What the task requires :: Nothing is needed except the lines below that run from the one with "have RB : [disjoint" through the one with "Lemma P3_free_homogeneous_pair r", repeated exactly.

Working data ::
Lemma nbhd_map_iso u : dist_le e r v u ->
  nbhd_iso r e lab u e' (switch_lab lab v w) (psi u).
Proof.
move=> Hu; have ball x : dist_le e r.-1 u x -> dist_le e (2 * r).-1 v x.
  by move=> Hx; apply: dist_le_mono (dist_le_trans Hu Hx); lia.
have step a x y : dist_le e (2 * r).-1 a x -> e x y -> dist_le e (2 * r) a y.
  by move=> Hx Exy; apply: dist_le_mono (dist_le_step Hx Exy); lia.
have [psiD psi_inj psi_surj] := nbhd_map_bij.
apply: transport_nbhd_iso psiD psi_inj psi_surj nbhd_map_edge nbhd_map_lab _ _.
- by apply: ball2r_D1; apply: dist_le_mono Hu; lia.
- by move=> x y /ball Hx Exy; apply/ball2r_D1/(step _ _ _ Hx Exy).
move=> x y /D1P[->|xM|xS] /ball Hx.
- rewrite nbhd_map_v switch_rel_w => /orP[/andP[Ewy yM]|yM].
    by apply: ball2r_D2 yM; apply: dist_le_adj Ewy; lia.
  by rewrite !in_setU yM orbT.
- by rewrite nbhd_map_moved // switch_rel_moved // => /eqP->; rewrite !in_setU in_set1 eqxx.
- have [_ pw pv pMv pMw] := phi_shell xS.
  rewrite nbhd_map_shell // switch_rel_out // => Exy.
  apply: ball2r_D2; first by apply: step Exy; rewrite (shell_iso_dist Hphi).
  by apply: contraNN pw => yM; apply/eqP; apply: moved_leaf yM _; rewrite esym.
Qed.

Lemma nbhd_permK_near u : dist_le e r v u ->
  nbhd_perm v w phi phi' (nbhd_perm v w phi phi' u) = u.
Proof.
move=> Hu; rewrite {2}/nbhd_perm Hu -nbhd_perm_sym.
have : dist_le e (2 * r) v u by apply: dist_le_mono Hu; lia.
case/ball2r_cases => [->|uM|uS].
- by rewrite nbhd_map_v /nbhd_perm dist_le_refl nbhd_map_v.
- by rewrite nbhd_map_moved // nbhd_perm_sym /nbhd_perm Hu nbhd_map_moved.
- have [pS _ _ _ _] := phi_shell uS.
  by rewrite nbhd_map_shell // /nbhd_perm (shell_iso_dist Hphi) // Hu nbhd_map_shell // phiK.
Qed.

End NearV.
End Far.
(* Let $\mathcal{H}^1_{\mathrm{TT}}=(C,F^1,D,G)$ be a two-timescale system satisfying the Hybrid Basic Conditions, and let $(\Phi,\{H_k\}_{k=1}^\infty)$, with $H_k=(h_{s,k},h_{f,k})$, be a two-timescale asymptotic simulation of $\mathcal{H}^1_{\mathrm{TT}}$. Then $(\Phi,\{h_{f,k}\}_{k=1}^\infty)$ is an asymptotic simulation of the boundary layer system $\mathcal{H}_{\mathrm{BL}}=(C,\widetilde F,D,G)$, where $\widetilde F(x):=\{0\}\times F_f(x)$.
   Context: Hybrid inclusions. A hybrid inclusion $\mathcal H=(C,F,D,G)$ on $\mathbb R^n$ consists of sets $C,D\subset\mathbb R^n$ and set-valued maps $F,G:\mathbb R^n\rightrightarrows\mathbb R^n$, representing the dynamics $x\in C,\ \dot x\in F(x)$ and $x\in D,\ x^+\in G(x)$. $\mathcal H$ satisfies the Hybrid Basic Conditions if $C,D$ are closed; $F,G$ are outer semicontinuous and locally bounded; $F(x)$ is nonempty and convex for every $x\in C$; $G(x)$ is nonempty for every $x\in D$. Define $F_C(x):=F(x)$ if $x\in C$ and $F_C(x):=\emptyset$ otherwise, and $G_D(x):=G(x)$ if $x\in D$ and $\emptyset$ otherwise; thus $\mathrm{gph}(F_C)=\mathrm{gph}(F)\cap(C\times\mathbb R^n)$ and $\mathrm{gph}(G_D)=\mathrm{gph}(G)\cap(D\times\mathbb R^n)$. Hybrid sequences. A compact hybrid sequence domain is a set $E=\bigcup_{j=0}^{J-1}(\{k_j,\dots,k_{j+1}\}\times\{j\})\subset\mathbb Z_{\ge0}^2$ with $J\in\mathbb N$ and integers $0=k_0\le k_1\le\dots\le k_J$; a hybrid sequence domain is the union of a nondecreasing sequence of compact hybrid sequence domains; a hybrid sequence is a map $\phi$ whose domain $\mathrm{dom}\,\phi$ is a hybrid sequence domain. It is complete if its domain is unbounded, complete in the $k$-direction if the set of $k$'s occurring in its domain is unbounded, and complete in the $j$-direction if the set of $j$'s occurring is unbounded. Set $\bar\jmath_k:=\inf\{j\in\mathbb Z_{\ge0}:(k+1,j)\in\mathrm{dom}\,\phi\}$ and $\bar k_j:=\inf\{k\in\mathbb Z_{\ge0}:(k,j+1)\in\mathrm{dom}\,\phi\}$ ($\inf\emptyset=\infty$). The $\limsup$ of a sequence of points denotes its outer limit, i.e. the set of all its accumulation points. Asymptotic simulations. A sequence $\{h_k\}_{k=1}^\infty$ is admissible if $h_k>0$ for all $k$, $h_k\to0$, and $\sum_k h_k=\infty$; set $\tau_k:=\sum_{i=0}^{k-1}h_{i+1}$ ($k\in\mathbb Z_{\ge0}$) and $m(t):=\max\{k\in\mathbb Z_{\ge0}:\tau_k\le t\}$. A pair $(\phi,\{h_k\})$ is an asymptotic simulation of $\mathcal H=(C,F,D,G)$ if $\phi$ is a bounded complete hybrid sequence in $\mathbb R^n$, $\{h_k\}$ is admissible, and: (1) if $\phi$ is complete in the $k$-direction, there is a bounded sequence $\{f_k\}_{k=0}^\infty\subset\mathbb R^n$ with $\limsup_{k\to\infty}(\phi(k,\bar\jmath_k),f_k)\subset\mathrm{gph}(F_C)$ and, with $\hat f_{k+1}:=(\phi(k+1,\bar\jmath_k)-\phi(k,\bar\jmath_k))/h_{k+1}$, for every $T>0$: $\lim_{n\to\infty}\sup_{n+1\le k\le m(\tau_n+T)}\big|\sum_{i=n}^{k-1}h_{i+1}(\hat f_{i+1}-f_i)\big|=0$; (2) if $\phi$ is complete in the $j$-direction, $\limsup_{j\to\infty}(\phi(\bar k_j,j),\phi(\bar k_j,j+1))\subset\mathrm{gph}(G_D)$. Two-timescale setting. Let $n=n_s+n_f$ and write $x=(x_s,x_f)\in\mathbb R^{n_s}\times\mathbb R^{n_f}$. The two-timescale system $\mathcal H^1_{\mathrm{TT}}=(C,F^1,D,G)$ has $C,D\subset\mathbb R^n$, $F_s:\mathbb R^n\rightrightarrows\mathbb R^{n_s}$, $F_f:\mathbb R^n\rightrightarrows\mathbb R^{n_f}$, $F^1(x):=F_s(x_s,x_f)\times F_f(x_s,x_f)$, and $G:\mathbb R^n\rightrightarrows\mathbb R^n$. A sequence $\{H_k\}_{k=1}^\infty$, $H_k=(h_{s,k},h_{f,k})\in\mathbb R^2_{>0}$, is two-timescale admissible if $\{h_{s,k}\}$ and $\{h_{f,k}\}$ are each admissible and $\lim_{k\to\infty}h_{s,k}/h_{f,k}=0$. For $r\in\{s,f\}$ set $\tau_{r,k}:=\sum_{i=0}^{k-1}h_{r,i+1}$, $m_r(t):=\max\{k\in\mathbb Z_{\ge0}:\tau_{r,k}\le t\}$, and $\mathcal I_{r,n,T}:=\{k\in\mathbb Z_{\ge0}:n+1\le k\le m_r(\tau_{r,n}+T)\}$. A pair $(\Phi,\{H_k\})$ is a two-timescale asymptotic simulation of $\mathcal H^1_{\mathrm{TT}}$ if $\Phi=(\phi_s,\phi_f)$ is a bounded complete hybrid sequence in $\mathbb R^n$, $\{H_k\}$ is two-timescale admissible, and: (1) if $\Phi$ is complete in the $k$-direction, there is a bounded sequence $f_k=(f_{s,k},f_{f,k})\in\mathbb R^{n_s}\times\mathbb R^{n_f}$, $k\ge0$, with $\limsup_{k\to\infty}(\Phi(k,\bar\jmath_k),f_k)\subset\mathrm{gph}(F^1_C)$ and, with $\hat f_{r,k+1}:=(\phi_r(k+1,\bar\jmath_k)-\phi_r(k,\bar\jmath_k))/h_{r,k+1}$, for every $T>0$ and each $r\in\{s,f\}$: $\lim_{n\to\infty}\sup_{k\in\mathcal I_{r,n,T}}\big|\sum_{i=n}^{k-1}h_{r,i+1}(\hat f_{r,i+1}-f_{r,i})\big|=0$; (2) if $\Phi$ is complete in the $j$-direction, $\limsup_{j\to\infty}(\Phi(\bar k_j,j),\Phi(\bar k_j,j+1))\subset\mathrm{gph}(G_D)$. *)

From HB Require Import structures.
From mathcomp Require Import all_boot all_order all_algebra.
From mathcomp Require Import all_classical all_reals all_analysis.
Set Implicit Arguments. Unset Strict Implicit. Unset Printing Implicit Defensive.
Import Order.TTheory GRing.Theory Num.Theory.
Import numFieldNormedType.Exports.
Local Open Scope classical_set_scope.
Local Open Scope ring_scope.
(* R t collects vertices outside X adjacent to all of X if t, and to none of it
   otherwise: split X homogeneously, move its smaller part into R t and recurse. *)
Lemma P3_free_homogeneous_pair_attached r X (R : bool -> {set T}) m :
  symmetric r -> irreflexive r -> P3_free r X ->
  (forall t, [disjoint X & R t]) -> (forall t x y, x \in X -> y \in R t -> r x y = t) ->
  1 < m -> (forall t, 4 * #|R t| < m) -> m <= #|X| + #|R true| + #|R false| ->
  exists A B (t : bool), [/\ [disjoint A & B], m <= 4 * #|A|, m <= 4 * #|B| &
    forall a b, a \in A -> b \in B -> r a b = t].
Proof.
move=> r_sym r_irr; elim: {X}_.+1 {-2}X (ltnSn #|X|) R => // k IH X ltX R.
move=> freeX XR homXR m1 smallR largeXR.
have X2 : 1 < #|X| by move: (smallR true) (smallR false); lia.
have [A [B [t [defX AB B0 homAB leBA]]]] : exists A B (t : bool),
    [/\ A :|: B = X, [disjoint A & B], B != set0,
        forall a b, a \in A -> b \in B -> r a b = t & #|B| <= #|A|].
  have [A [B [t [defX AB A0 B0 homAB]]]] := P3_free_homogeneous_split r_sym r_irr X2 freeX.
  have [leBA | /ltnW leAB] := leqP #|B| #|A|; first by exists A, B, t.
  exists B, A, t; split=> //; first by rewrite setUC.
    by rewrite disjoint_sym.
  by move=> a b aB bA; rewrite r_sym homAB.
have cardX : #|X| = #|A| + #|B| by rewrite -defX; apply/eqP; rewrite (leq_card_setU A B).2.
have AX : A \subset X by rewrite -defX subsetUl.
have BX : B \subset X by rewrite -defX subsetUr.
have RB : [disjoint R t & B] by rewrite disjoint_sym (disjointWl BX (XR t)).
have cardRB : #|R t :|: B| = #|R t| + #|B| by apply/eqP; rewrite (leq_card_setU _ _).2.
have ARB : [disjoint A & R t :|: B].
  by rewrite -setI_eq0 setIUr setU_eq0 !setI_eq0 (disjointWl AX (XR t)) AB.
have [largeRB | smallRB] := leqP m (4 * #|R t :|: B|).
  exists (R t :|: B), A, t; split=> //.
  - by rewrite disjoint_sym.
  - by move: (smallR true) (smallR false) cardX largeXR leBA; lia.
  move=> a b /setUP[aR | aB] bA; rewrite r_sym; last exact: homAB.
  by apply: homXR aR; apply: (subsetP AX).
have ltA : #|A| < k by move: B0 ltX; rewrite -card_gt0 cardX; lia.
pose R' s := if s == t then R t :|: B else R s.
apply: (IH A ltA R' (P3_freeS AX freeX)) => //.
- by move=> s; rewrite /R'; case: eqP => _; last exact: disjointWl AX (XR s).
- move=> s x y xA; rewrite /R'; case: eqP => [-> /setUP[yR | yB] | _].
  + by apply: homXR yR; apply: (subsetP AX).
  + exact: homAB.
  + by apply: homXR; apply: (subsetP AX).
- by move=> s; rewrite /R'; case: eqP.
- by rewrite /R'; case: t {homAB RB ARB R'} cardRB smallRB => /= cardRB _; move: cardX largeXR; lia.
Qed.

Lemma P3_free_homogeneous_pair r X : symmetric r -> irreflexive r -> 1 < #|X| -> P3_free r X ->
  exists A B (t : bool), [/\ [disjoint A & B], #|X| <= 4 * #|A|, #|X| <= 4 * #|B| &
    forall a b, a \in A -> b \in B -> r a b = t].
Proof.
move=> r_sym r_irr X2 freeX.
apply: (@P3_free_homogeneous_pair_attached r X (fun=> set0) #|X| r_sym r_irr freeX) => //.
- by move=> t; rewrite -setI_eq0 setI0.
- by move=> t x y _; rewrite inE.
- by move=> t; rewrite cards0 muln0 ltnW.
- by rewrite cards0 !addn0.
Qed.
End Cographs.

Section Packings.
Variables (n : nat) (G : {set {set 'I_n}}).

Lemma adj_sym : symmetric (adj G).
Proof. by move=> u v; rewrite /adj eq_sym setUC. Qed.

Lemma adj_irr : irreflexive (adj G).
Proof. by move=> u; rewrite /adj eqxx. Qed.

Definition P3_packing (S : {set quad n}) : bool :=
  [forall x in S, induced_P3 G x] &&
  [forall x in S, forall y in S, (x != y) ==> [disjoint qverts x & qverts y]].

Lemma card_qverts (x : quad n) : #|qverts x| <= 4.
Proof.
case: x => [[[a b] c] d] /=; apply: leq_trans (card_size [:: a; b; c; d]).
by apply/subset_leq_card/subsetP => x; rewrite !inE -!orbA.
Qed.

Final answer ::
have RB : [disjoint R t & B] by rewrite disjoint_sym (disjointWl BX (XR t)).
have cardRB : #|R t :|: B| = #|R t| + #|B| by apply/eqP; rewrite (leq_card_setU _ _).2.
have ARB : [disjoint A & R t :|: B].
  by rewrite -setI_eq0 setIUr setU_eq0 !setI_eq0 (disjointWl AX (XR t)) AB.
have [largeRB | smallRB] := leqP m (4 * #|R t :|: B|).
  exists (R t :|: B), A, t; split=> //.
  - by rewrite disjoint_sym.
  - by move: (smallR true) (smallR false) cardX largeXR leBA; lia.
  move=> a b /setUP[aR | aB] bA; rewrite r_sym; last exact: homAB.
  by apply: homXR aR; apply: (subsetP AX).
have ltA : #|A| < k by move: B0 ltX; rewrite -card_gt0 cardX; lia.
pose R' s := if s == t then R t :|: B else R s.
apply: (IH A ltA R' (P3_freeS AX freeX)) => //.
- by move=> s; rewrite /R'; case: eqP => _; last exact: disjointWl AX (XR s).
- move=> s x y xA; rewrite /R'; case: eqP => [-> /setUP[yR | yB] | _].
  + by apply: homXR yR; apply: (subsetP AX).
  + exact: homAB.
  + by apply: homXR; apply: (subsetP AX).
- by move=> s; rewrite /R'; case: eqP.
- by rewrite /R'; case: t {homAB RB ARB R'} cardRB smallRB => /= cardRB _; move: cardX largeXR; lia.
Qed.

Lemma P3_free_homogeneous_pair r X : symmetric r -> irreflexive r -> 1 < #|X| -> P3_free r X ->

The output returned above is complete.